Task material -

━━━━

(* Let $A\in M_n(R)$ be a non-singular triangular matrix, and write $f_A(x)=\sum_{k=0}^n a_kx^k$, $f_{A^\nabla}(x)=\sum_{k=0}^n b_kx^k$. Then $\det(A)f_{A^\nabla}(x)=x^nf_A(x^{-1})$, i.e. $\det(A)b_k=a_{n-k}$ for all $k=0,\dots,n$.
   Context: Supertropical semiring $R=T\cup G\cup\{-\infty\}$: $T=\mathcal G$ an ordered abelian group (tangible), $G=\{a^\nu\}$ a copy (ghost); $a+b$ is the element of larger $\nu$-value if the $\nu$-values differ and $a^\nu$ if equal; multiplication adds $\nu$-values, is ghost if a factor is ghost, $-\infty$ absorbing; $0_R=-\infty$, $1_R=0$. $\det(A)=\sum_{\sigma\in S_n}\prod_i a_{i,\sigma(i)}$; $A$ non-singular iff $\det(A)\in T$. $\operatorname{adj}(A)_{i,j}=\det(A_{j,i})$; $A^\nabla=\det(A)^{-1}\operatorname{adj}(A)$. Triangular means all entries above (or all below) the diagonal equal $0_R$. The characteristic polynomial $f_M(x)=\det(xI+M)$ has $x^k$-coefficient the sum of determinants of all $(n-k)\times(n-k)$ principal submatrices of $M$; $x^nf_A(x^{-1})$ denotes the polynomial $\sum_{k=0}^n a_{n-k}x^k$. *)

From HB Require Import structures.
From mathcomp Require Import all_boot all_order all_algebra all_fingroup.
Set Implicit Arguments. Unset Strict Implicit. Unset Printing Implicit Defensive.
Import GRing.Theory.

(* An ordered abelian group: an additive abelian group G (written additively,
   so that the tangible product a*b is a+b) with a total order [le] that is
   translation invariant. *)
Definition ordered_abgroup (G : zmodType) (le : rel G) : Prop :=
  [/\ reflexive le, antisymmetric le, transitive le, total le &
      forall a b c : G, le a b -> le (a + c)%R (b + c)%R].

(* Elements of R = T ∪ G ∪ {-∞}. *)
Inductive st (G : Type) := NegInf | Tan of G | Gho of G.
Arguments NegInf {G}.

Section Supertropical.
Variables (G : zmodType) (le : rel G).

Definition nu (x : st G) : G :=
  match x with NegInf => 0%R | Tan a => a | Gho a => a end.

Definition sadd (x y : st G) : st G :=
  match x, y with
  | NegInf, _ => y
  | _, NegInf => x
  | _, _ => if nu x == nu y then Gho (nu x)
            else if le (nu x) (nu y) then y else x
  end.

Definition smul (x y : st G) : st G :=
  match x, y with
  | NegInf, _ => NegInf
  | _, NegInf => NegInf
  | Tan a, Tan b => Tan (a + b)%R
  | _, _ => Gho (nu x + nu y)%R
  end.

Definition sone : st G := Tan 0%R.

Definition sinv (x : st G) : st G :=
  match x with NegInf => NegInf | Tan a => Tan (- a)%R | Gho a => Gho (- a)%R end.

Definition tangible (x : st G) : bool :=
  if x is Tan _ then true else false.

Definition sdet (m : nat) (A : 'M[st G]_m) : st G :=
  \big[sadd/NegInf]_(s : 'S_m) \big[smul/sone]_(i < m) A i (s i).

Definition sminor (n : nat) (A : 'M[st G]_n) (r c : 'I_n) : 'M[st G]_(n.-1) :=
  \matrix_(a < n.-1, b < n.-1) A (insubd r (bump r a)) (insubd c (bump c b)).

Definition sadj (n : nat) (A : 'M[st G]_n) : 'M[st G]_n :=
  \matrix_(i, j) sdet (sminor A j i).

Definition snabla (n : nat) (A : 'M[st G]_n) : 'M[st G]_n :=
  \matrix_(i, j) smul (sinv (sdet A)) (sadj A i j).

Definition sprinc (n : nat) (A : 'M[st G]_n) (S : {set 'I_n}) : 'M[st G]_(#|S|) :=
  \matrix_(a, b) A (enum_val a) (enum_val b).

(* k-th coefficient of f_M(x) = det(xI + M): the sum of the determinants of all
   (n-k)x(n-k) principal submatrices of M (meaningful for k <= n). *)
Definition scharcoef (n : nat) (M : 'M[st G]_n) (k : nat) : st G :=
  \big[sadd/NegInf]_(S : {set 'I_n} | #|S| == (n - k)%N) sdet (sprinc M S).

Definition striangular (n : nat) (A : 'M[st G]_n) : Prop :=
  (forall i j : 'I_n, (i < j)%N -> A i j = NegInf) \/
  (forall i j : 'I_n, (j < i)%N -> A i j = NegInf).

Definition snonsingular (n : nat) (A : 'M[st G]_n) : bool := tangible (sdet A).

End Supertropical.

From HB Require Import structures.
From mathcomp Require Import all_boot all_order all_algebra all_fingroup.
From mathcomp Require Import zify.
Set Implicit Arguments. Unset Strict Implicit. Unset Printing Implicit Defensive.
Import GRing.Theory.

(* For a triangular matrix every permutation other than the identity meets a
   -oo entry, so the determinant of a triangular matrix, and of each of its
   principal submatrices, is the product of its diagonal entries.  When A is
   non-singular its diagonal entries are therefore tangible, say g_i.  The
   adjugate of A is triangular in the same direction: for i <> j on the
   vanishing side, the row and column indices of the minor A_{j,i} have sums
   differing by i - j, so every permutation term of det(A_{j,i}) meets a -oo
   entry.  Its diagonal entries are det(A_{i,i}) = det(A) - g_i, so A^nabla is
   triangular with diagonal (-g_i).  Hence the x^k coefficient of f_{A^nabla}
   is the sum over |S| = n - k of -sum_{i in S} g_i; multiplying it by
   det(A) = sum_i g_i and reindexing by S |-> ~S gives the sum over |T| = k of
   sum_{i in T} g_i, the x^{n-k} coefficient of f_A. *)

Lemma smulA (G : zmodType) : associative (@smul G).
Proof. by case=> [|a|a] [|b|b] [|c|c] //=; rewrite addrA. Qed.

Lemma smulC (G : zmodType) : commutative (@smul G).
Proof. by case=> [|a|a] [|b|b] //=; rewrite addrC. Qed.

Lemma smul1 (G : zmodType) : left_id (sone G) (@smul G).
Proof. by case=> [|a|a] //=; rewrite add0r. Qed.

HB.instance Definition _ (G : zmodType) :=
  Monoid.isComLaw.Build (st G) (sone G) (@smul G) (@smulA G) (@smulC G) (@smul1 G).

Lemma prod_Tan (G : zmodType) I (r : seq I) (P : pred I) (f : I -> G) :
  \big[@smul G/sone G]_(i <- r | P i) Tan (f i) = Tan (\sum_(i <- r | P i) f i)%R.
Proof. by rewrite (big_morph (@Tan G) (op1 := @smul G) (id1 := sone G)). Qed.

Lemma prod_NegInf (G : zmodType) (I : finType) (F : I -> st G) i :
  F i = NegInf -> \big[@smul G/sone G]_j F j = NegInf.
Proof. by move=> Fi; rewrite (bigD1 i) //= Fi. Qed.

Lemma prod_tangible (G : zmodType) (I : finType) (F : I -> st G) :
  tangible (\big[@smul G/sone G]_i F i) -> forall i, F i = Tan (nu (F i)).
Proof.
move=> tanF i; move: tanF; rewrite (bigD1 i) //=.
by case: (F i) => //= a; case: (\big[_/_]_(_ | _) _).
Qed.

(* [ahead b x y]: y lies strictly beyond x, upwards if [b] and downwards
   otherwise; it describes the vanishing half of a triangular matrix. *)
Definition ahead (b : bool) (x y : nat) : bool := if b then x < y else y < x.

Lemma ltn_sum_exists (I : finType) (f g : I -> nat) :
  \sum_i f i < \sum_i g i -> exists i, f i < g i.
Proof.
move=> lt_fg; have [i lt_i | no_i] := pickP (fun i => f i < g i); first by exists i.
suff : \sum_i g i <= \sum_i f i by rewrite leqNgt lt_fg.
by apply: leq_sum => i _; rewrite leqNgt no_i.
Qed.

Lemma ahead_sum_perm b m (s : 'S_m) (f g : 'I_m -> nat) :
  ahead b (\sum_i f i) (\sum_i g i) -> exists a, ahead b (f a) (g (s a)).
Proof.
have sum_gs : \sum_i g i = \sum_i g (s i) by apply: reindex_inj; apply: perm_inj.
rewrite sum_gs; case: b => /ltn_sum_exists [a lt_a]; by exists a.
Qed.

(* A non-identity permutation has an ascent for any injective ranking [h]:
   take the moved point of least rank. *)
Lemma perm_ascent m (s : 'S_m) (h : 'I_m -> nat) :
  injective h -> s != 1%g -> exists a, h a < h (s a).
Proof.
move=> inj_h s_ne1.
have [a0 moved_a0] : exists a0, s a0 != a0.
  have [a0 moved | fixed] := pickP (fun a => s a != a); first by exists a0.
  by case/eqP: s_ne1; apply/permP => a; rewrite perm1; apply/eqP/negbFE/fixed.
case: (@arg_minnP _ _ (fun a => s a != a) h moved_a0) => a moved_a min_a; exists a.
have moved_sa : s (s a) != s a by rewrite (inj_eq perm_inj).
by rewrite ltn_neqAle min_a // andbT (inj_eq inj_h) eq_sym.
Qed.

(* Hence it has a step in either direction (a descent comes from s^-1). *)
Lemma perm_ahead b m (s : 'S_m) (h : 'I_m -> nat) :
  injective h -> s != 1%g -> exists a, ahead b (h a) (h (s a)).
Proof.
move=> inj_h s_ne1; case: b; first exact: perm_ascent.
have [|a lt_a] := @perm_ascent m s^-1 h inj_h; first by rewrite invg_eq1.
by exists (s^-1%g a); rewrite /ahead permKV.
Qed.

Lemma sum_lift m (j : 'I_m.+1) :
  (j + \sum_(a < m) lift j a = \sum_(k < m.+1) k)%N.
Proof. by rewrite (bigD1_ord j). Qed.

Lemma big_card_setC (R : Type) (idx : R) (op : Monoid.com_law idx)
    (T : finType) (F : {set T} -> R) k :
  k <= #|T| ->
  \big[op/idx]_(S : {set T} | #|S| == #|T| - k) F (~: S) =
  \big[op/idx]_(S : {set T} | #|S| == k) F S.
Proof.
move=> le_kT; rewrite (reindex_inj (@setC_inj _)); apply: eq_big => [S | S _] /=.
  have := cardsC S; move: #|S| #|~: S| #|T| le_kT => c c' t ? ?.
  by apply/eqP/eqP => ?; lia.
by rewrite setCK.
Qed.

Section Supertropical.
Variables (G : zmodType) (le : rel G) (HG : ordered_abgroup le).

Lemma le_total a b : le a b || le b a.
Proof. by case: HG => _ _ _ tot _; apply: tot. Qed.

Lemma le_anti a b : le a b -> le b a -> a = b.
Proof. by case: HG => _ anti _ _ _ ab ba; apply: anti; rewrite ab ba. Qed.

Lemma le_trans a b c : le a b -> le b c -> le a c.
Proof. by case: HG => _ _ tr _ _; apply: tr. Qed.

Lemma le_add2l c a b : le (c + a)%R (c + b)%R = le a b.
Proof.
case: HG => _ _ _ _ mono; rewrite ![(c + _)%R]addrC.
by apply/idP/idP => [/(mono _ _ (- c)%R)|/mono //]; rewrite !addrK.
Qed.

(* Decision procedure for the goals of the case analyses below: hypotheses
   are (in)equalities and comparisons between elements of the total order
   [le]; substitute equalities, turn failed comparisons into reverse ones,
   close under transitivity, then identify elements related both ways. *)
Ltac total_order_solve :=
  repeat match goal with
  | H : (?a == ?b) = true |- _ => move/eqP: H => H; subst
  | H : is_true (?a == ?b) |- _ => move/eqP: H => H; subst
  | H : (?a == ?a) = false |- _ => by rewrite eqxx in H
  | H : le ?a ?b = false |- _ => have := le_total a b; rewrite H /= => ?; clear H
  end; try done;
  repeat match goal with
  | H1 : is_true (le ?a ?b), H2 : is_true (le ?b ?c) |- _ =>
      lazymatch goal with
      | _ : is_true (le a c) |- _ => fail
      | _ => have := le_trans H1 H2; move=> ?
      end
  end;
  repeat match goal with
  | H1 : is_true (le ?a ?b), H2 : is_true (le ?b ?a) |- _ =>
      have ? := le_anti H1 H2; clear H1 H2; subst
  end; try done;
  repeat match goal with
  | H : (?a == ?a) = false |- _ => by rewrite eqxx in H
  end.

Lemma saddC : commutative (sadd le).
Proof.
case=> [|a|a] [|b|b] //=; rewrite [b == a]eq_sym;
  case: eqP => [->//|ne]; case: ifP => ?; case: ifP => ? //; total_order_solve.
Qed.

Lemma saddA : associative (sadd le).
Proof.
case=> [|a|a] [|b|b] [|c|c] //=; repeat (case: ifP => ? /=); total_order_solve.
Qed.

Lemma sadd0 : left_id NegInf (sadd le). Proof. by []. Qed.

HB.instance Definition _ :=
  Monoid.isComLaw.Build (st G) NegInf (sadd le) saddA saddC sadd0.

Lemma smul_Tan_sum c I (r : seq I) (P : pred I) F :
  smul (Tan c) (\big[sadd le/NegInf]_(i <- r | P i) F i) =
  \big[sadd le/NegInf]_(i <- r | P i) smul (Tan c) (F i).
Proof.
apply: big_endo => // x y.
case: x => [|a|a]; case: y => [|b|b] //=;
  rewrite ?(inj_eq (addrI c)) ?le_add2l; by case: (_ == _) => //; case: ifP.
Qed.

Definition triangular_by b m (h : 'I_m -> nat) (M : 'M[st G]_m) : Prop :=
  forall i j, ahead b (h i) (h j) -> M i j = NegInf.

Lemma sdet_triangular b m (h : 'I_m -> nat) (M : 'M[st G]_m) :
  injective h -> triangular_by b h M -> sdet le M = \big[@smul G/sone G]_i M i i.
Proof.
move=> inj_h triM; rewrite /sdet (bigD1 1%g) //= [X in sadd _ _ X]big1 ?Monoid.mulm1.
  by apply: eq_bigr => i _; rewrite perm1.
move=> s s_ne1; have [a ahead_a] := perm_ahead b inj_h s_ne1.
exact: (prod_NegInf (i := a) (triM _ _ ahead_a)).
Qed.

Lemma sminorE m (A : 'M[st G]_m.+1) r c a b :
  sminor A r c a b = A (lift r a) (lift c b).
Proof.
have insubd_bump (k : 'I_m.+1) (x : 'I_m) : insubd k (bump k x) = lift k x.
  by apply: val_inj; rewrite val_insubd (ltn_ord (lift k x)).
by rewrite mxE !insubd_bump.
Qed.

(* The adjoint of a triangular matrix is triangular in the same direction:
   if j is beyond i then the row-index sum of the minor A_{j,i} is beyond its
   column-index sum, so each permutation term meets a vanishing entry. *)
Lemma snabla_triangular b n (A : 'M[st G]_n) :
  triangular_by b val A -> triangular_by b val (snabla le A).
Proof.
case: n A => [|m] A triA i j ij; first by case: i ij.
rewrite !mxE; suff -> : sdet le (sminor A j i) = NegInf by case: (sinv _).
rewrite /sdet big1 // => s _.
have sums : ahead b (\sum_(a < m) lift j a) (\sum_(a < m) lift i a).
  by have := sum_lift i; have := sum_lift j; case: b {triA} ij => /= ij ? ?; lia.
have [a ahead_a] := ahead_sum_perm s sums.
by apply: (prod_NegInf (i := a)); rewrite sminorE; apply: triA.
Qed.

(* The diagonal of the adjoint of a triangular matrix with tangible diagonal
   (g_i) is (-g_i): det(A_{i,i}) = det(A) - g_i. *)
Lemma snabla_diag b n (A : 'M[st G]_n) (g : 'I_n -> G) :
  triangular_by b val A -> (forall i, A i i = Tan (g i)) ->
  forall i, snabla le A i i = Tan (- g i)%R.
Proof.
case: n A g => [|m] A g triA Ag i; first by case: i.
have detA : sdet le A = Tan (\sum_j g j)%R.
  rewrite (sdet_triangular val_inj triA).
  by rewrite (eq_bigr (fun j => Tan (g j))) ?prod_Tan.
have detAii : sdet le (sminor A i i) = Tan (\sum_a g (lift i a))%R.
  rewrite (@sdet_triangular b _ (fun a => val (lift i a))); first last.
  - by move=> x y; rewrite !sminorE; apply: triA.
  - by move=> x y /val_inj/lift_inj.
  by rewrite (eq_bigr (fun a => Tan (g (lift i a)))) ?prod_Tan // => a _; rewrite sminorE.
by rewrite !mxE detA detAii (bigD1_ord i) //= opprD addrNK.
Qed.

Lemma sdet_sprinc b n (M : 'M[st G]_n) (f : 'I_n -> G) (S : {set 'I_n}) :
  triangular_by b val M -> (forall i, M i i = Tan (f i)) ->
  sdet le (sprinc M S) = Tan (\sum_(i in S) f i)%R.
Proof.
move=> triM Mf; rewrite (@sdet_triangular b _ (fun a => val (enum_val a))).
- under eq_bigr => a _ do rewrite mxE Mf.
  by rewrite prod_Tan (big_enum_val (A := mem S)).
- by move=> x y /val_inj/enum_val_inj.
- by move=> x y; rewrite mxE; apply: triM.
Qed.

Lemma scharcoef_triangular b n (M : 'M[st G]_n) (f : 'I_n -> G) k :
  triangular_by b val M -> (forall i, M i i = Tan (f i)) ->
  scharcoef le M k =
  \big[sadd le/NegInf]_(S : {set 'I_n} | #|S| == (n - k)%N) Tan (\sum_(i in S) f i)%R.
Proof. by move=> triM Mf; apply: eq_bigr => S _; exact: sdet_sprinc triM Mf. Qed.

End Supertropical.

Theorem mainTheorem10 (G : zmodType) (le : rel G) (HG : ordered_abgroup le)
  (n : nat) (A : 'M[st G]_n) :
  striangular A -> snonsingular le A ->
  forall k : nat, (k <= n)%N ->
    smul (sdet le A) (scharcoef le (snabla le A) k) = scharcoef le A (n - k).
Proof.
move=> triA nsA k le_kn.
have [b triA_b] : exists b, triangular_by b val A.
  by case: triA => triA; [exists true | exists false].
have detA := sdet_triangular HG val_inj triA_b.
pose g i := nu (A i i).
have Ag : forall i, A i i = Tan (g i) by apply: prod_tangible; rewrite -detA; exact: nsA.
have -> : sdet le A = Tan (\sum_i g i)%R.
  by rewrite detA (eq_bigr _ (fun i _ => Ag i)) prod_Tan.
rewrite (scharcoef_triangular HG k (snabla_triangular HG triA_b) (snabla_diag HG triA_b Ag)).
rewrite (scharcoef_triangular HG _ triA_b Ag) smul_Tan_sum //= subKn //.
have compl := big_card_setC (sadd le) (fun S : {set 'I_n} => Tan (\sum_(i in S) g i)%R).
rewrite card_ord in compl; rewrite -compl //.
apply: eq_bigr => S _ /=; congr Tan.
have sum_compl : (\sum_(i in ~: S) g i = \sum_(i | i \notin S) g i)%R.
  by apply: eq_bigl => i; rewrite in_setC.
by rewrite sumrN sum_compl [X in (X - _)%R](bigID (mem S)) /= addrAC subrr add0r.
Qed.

━━━━

What to produce -
Reproduce, word for word and in full, only the lines above that start at the line with "(sadj A i j)." and run through the line with "differing by i", both ends included.

Solution to the exercise -
  \matrix_(i, j) smul (sinv (sdet A)) (sadj A i j).

Definition sprinc (n : nat) (A : 'M[st G]_n) (S : {set 'I_n}) : 'M[st G]_(#|S|) :=
  \matrix_(a, b) A (enum_val a) (enum_val b).

(* k-th coefficient of f_M(x) = det(xI + M): the sum of the determinants of all
   (n-k)x(n-k) principal submatrices of M (meaningful for k <= n). *)
Definition scharcoef (n : nat) (M : 'M[st G]_n) (k : nat) : st G :=
  \big[sadd/NegInf]_(S : {set 'I_n} | #|S| == (n - k)%N) sdet (sprinc M S).

Definition striangular (n : nat) (A : 'M[st G]_n) : Prop :=
  (forall i j : 'I_n, (i < j)%N -> A i j = NegInf) \/
  (forall i j : 'I_n, (j < i)%N -> A i j = NegInf).

Definition snonsingular (n : nat) (A : 'M[st G]_n) : bool := tangible (sdet A).

End Supertropical.

From HB Require Import structures.
From mathcomp Require Import all_boot all_order all_algebra all_fingroup.
From mathcomp Require Import zify.
Set Implicit Arguments. Unset Strict Implicit. Unset Printing Implicit Defensive.
Import GRing.Theory.

(* For a triangular matrix every permutation other than the identity meets a
   -oo entry, so the determinant of a triangular matrix, and of each of its
   principal submatrices, is the product of its diagonal entries.  When A is
   non-singular its diagonal entries are therefore tangible, say g_i.  The
   adjugate of A is triangular in the same direction: for i <> j on the
   vanishing side, the row and column indices of the minor A_{j,i} have sums
   differing by i - j, so every permutation term of det(A_{j,i}) meets a -oo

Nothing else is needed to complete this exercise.